Artykuły

Hanuszkiewicz nadal rozśmiesza

TEATR NARODOWY już od kilku sezonów pełni ważną i pożyteczną funkcję rozśmieszania widowni, przy pomocy m. in. Słowackiego, Czechowa, Mickiewicza i Szekspira.

Tym razem Adam Hanuszkiewicz posłużył się w tym celu Fredrą, przyrządzając według własnej recepty "Męża i żonę". Zdawałoby się, że obecny wybór tekstu był trafniejszy, bo jeśli już rozśmieszać, to komedią, a jeśli już komedia, to Fredro. Są jednak różne zabawy i różne rozśmieszania - od "smakowania" po "ubaw". Hanuszkiewicz nie ufa komediowej nośności i sile komizmu Fredry, więc wymyśla dla jego tekstu różne szczudła, podpórki, przystawki i huśtawki - żeby było jak najśmieszniej.

Zresztą nie wszystkie wymyśla sam. Przedstawienie "Męża i żony" rozpoczyna słynną sceną pisania listu ze "Ślubów panieńskich", stawiając znak równania między Guciem (chyba lepiej używać tego zdrobnienia, bo Gustaw to z "Dziadów") i Anielą a postaciami z "Męża i żony", Wacławem i Elwirą. Program teatralny ujawnia inspirację czy też autora tego pomysłu, cytując jedno zdanie z "Obrachunków Fredrowskich" Tadeusza Boya-Żeleńskiego: "Albo się grubo mylę albo to jest epilog "Ślubów panieńskich" " i wart byłby napisania, gdyby... go Fredro nie był napisał sam". W następnym, nie cytowanym już zdaniu, Boy wyjaśnia: "To - "Mąż i żona". Wacław, to postarzały o dziesięć lat Gustaw; Elwira - to Aniela, "kobieta trzydziestoletnia". Ale warto zacytować jeszcze jedno zdanie, rozpoczynające ten felieton Boya pt. "Szczęście Anieli": "Pewnego dnia, mając pisać jeszcze raz recenzję ze "Ślubów panieńskich", znudzony z góry tym, co mógłbym powiedzieć rozsądnego o tej uroczej, ale zbyt znanej komedii, popuściłem wodze fantazji". I dalej "fantazjuje" na temat losów Gucia i Anieli w najbliższych dziecięciu latach po ich ślubie.

A więc nie jest to recenzja Boya z przedstawienia "Męża i żony", jakby mogło się wydawać po przeczytaniu tego jednego zdania z programu teatralnego, lecz felieton i niezobowiązujące fantazjowanie, wariacje na temat "Ślubów panieńskich". A to są poza tym dwie bardzo różne komedie, napisane w różnych stylach, w różnych poetykach, więc taki mariaż na scenie mógł wypaść szczęśliwie.

Nie o prolog jednak tylko chodzi. "Mąż i żona" jest w dorobku Fredry pozycją dość szczególną, to komedia przewrotna, napisana z wręcz Mussetowską finezją, kiedyś zarzucano jej nawet, że jest amoralna czy wręcz niemoralna - ale to komedia salonowa, pełna elegancji i blasku, finezji i swoistego przewrotnego wdzięku oraz bardzo dyskretnej ironii, którą poeta wyraża i swój dystans i swój stosunek do rozgrywających się na scenie flirtów i romansów zgoła nie platonicznych, pełnych pikanterii i zmysłowości.

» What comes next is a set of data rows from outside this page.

Lemma bounded_derivative_limit_zero (f df : R -> R) (S0 A B a : R) :
  (forall s, S0 < s -> is_derive f s (df s)) ->
  (forall s, S0 < s -> A <= f s <= B) ->
  filterlim df (Rbar_locally p_infty) (locally a) -> a = 0.
Proof.
  intros Hd Hb Hlim. apply NNPP. intros Ha.
  assert (Habs : 0 < Rabs a) by (apply Rabs_pos_lt; exact Ha).
  destruct (proj1 (filterlim_pinfty_locally df a) Hlim (Rabs a / 2)) as [T HT]; [lra|].
  set (s1 := Rmax S0 T + 1).
  assert (HS0 : S0 < s1) by (unfold s1; pose proof (Rmax_l S0 T); lra).
  assert (HT1 : T < s1) by (unfold s1; pose proof (Rmax_r S0 T); lra).
  set (len := 2 * (B - A + 1) / Rabs a).
  assert (HAB : A <= B) by (destruct (Hb s1 HS0); lra).
  assert (Hlen : 0 < len) by (unfold len; apply Rdiv_lt_0_compat; lra).
  destruct (MVT_interval f df s1 (s1 + len)) as [c [Hc Heq]]; [lra|intros; apply Hd; lra|].
  assert (Hdc : Rabs a / 2 <= Rabs (df c)).
  { assert (Hq := HT c ltac:(lra)).
    pose proof (Rabs_triang_inv a (a - df c)) as Htri. rewrite Rabs_minus_sym in Hq.
    replace (a - (a - df c)) with (df c) in Htri by ring. lra. }
  assert (Hmove : B - A + 1 <= Rabs (f (s1 + len) - f s1)).
  { rewrite Heq, Rabs_mult, (Rabs_pos_eq (s1 + len - s1)) by lra.
    replace (s1 + len - s1) with len by ring.
    apply Rle_trans with (Rabs a / 2 * len); [|apply Rmult_le_compat_r; lra].
    unfold len. right. field. lra. }
  destruct (Hb s1 HS0), (Hb (s1 + len) ltac:(lra)).
  assert (Rabs (f (s1 + len) - f s1) <= B - A) by (apply Rabs_le; lra). lra.
Qed.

Podziwiamy też jej kunsztowną budowę, jej kapitalne spiętrzenia komediowe, przypominające najlepsze klasyczne komedie i komedio-farsy francuskie.

Hanuszkiewicz burzy tę całą misterną budowlę, proponując w zamian kilka zaskakujących, niekiedy absurdalnych, co prawda przeważnie śmiesznych, pomysłów oraz każe aktorom grać tak, jak kiedyś grywało się w "Stodole". Wszyscy więc wykonawcy usiłują wykorzystać każdą sytuację, każdy dialog dla ośmieszania i rozśmieszania, za pomocą środków nie zawsze zbyt wymyślnych. Bardzo wymyślny jest natomiast reżyser, wymyślając np. taką sytuację: Elwira i jej kochanek Alfred prowadzą na początku przedstawienia "dialog miłosny" w "spienionych" wannach umieszczonych w zimowym krajobrazie na zewnątrz salonu. Dla ochłody temperamentów? Warto spróbować, jeśli kogoś ponosi. Albo jaki sens mają małżeńskie karesy w scenie Wacława i Elwiry, skoro z tekstu wiadomo, że tylko "przy ludziach" udają czułe małżeństwo a w domu zachowują wobec siebie poprawny chłód. Albo... - takich "albo" wiele by można wymienić.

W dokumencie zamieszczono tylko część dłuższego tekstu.